GKE Cluster Architecture

Cluster Modes

  • GKE Standard — you manage node configuration, machine types, node pools; full control
  • GKE Autopilot — Google manages node infrastructure; you only define pod specs; pay per pod not node
  • Regional clusters — control plane and nodes replicated across 3 zones; no single zone is a SPOF; recommended for production
  • Zonal clusters — single control plane in one zone; lower cost but less resilient

Node Pools

  • A cluster can have multiple node pools with different machine types (e.g., standard pool + GPU pool)
  • Node pools can be independently upgraded and scaled
  • Cluster Autoscaler — automatically adds nodes when pods are pending; removes nodes when underutilized
  • Node auto-provisioning — creates new node pools automatically for pending pods requiring specific resources
For the ACE exam: use Regional clusters for production HA. Use GKE Autopilot when the team wants minimal infrastructure management. Use Standard when you need GPU nodes or specific OS configurations.
Kubernetes Workload Objects

Core Objects

  • Pod — smallest deployable unit; one or more containers sharing network/storage
  • Deployment — manages stateless Pods with rolling updates and rollbacks; use for web apps and APIs
  • StatefulSet — stateful workloads with stable network identity and persistent per-pod volumes; use for databases
  • DaemonSet — ensures one Pod per node; use for log collectors, monitoring agents (Fluentd, Prometheus node exporter)
  • CronJob — scheduled batch jobs on a cron schedule

Scaling

  • Horizontal Pod Autoscaler (HPA) — scales Pod replicas based on CPU/memory or custom metrics
  • Vertical Pod Autoscaler (VPA) — adjusts Pod resource requests/limits automatically
  • kubectl scale deployment nginx --replicas=5 — manual scaling

Networking

  • ClusterIP — internal service, reachable only within the cluster
  • NodePort — exposes service on each node's IP at a static port
  • LoadBalancer — provisions a GCP External Load Balancer for the service
  • Ingress — HTTP(S) routing rules; on GKE creates a Global HTTP(S) Load Balancer
Know which Kubernetes object to use for each scenario. Deployment = stateless.

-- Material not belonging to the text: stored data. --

(* Let $\epsilon<1$ be a constant. For any instance oracle $f$ with $\max\{|f(G,v)|: G \text{ an } n\text{-node graph}, v\in G\}=o(n\log n)$ and any deterministic exploration algorithm $A$, for infinitely many $n$ there exist an $n$-node hamiltonian graph $G$ and a starting node $v$ such that the agent executing $A$ with input $f(G,v)$ from $v$ makes at least $n+n^{\epsilon}$ edge traversals before it has visited all nodes and stopped (or fails to explore $G$).
   Context: Model: a graph is a simple connected undirected graph with $n$ nodes. Nodes are unlabeled; at each node of degree $d$ the incident edges carry distinct port numbers $0,\dots,d-1$, arbitrarily assigned. A mobile agent starts at some node. At each step, located at a node $u$ whose degree it knows, it chooses a port at $u$ and traverses the corresponding edge to a neighbor $w$; upon arrival it learns the port number of this edge at $w$ and the degree of $w$. The agent must visit all nodes and stop; the time of exploration is the number of edge traversals. A deterministic exploration algorithm receives as input a binary string (advice); its size is its length. An instance oracle is a function assigning a binary string $f(G,v)$ to each pair $(G,v)$ where $G$ is a port-numbered graph and $v$ is the starting node of the agent. A graph is hamiltonian if it has a cycle through all its nodes. Logarithms are to base 2. *)

From Stdlib Require Import Reals List Arith Relations.
Import ListNotations.
Open Scope R_scope.

(* Node u has degree [deg u]; the edge with port p at u (p < deg u) leads to
   node [nbr u p], where this same edge has port [bport u p].
   Values outside the meaningful range are junk and are never read by the agent. *)
Record pgraph (n : nat) := {
  deg : nat -> nat;
  nbr : nat -> nat -> nat;
  bport : nat -> nat -> nat;
  pg_nbr_lt : forall u p, (u < n)%nat -> (p < deg u)%nat -> (nbr u p < n)%nat;
  pg_bport_lt : forall u p, (u < n)%nat -> (p < deg u)%nat ->
      (bport u p < deg (nbr u p))%nat;
  pg_back_nbr : forall u p, (u < n)%nat -> (p < deg u)%nat ->
      nbr (nbr u p) (bport u p) = u;
  pg_back_port : forall u p, (u < n)%nat -> (p < deg u)%nat ->
      bport (nbr u p) (bport u p) = p;
  pg_noloop : forall u p, (u < n)%nat -> (p < deg u)%nat -> nbr u p <> u;
  pg_simple : forall u p q, (u < n)%nat -> (p < deg u)%nat -> (q < deg u)%nat ->
      nbr u p = nbr u q -> p = q;
  pg_connected : forall u w, (u < n)%nat -> (w < n)%nat ->
      clos_refl_trans nat
        (fun x y => (x < n)%nat /\ exists p, (p < deg x)%nat /\ nbr x p = y) u w
}.
Arguments deg {n}.
Arguments nbr {n}.
Arguments bport {n}.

StatefulSet = stateful with stable identity. DaemonSet = one pod per node. This is heavily tested.
Workload Identity & GKE Security

Workload Identity

  • Workload Identity is the recommended way to grant GKE workloads access to GCP APIs
  • Maps a Kubernetes Service Account (KSA) to a GCP Service Account (GSA)
  • Pods use the KSA to impersonate the GSA — no key files stored in Secrets
  • Enable at cluster creation: --workload-pool=PROJECT_ID.svc.id.goog

Other GKE Security Best Practices

  • Use Private clusters — nodes have no external IPs; API server accessible only via authorized networks
  • Enable Binary Authorization — only signed, approved container images can run
  • Use Network Policies — restrict pod-to-pod traffic
  • Cloud SQL Auth Proxy as a sidecar for database connections — handles IAM auth and TLS
  • Enable Shielded GKE Nodes for protection against rootkits and bootkits
Workload Identity replaces the pattern of downloading a service account JSON key and mounting it as a Kubernetes Secret — which is a security risk if the Secret is misconfigured or exposed.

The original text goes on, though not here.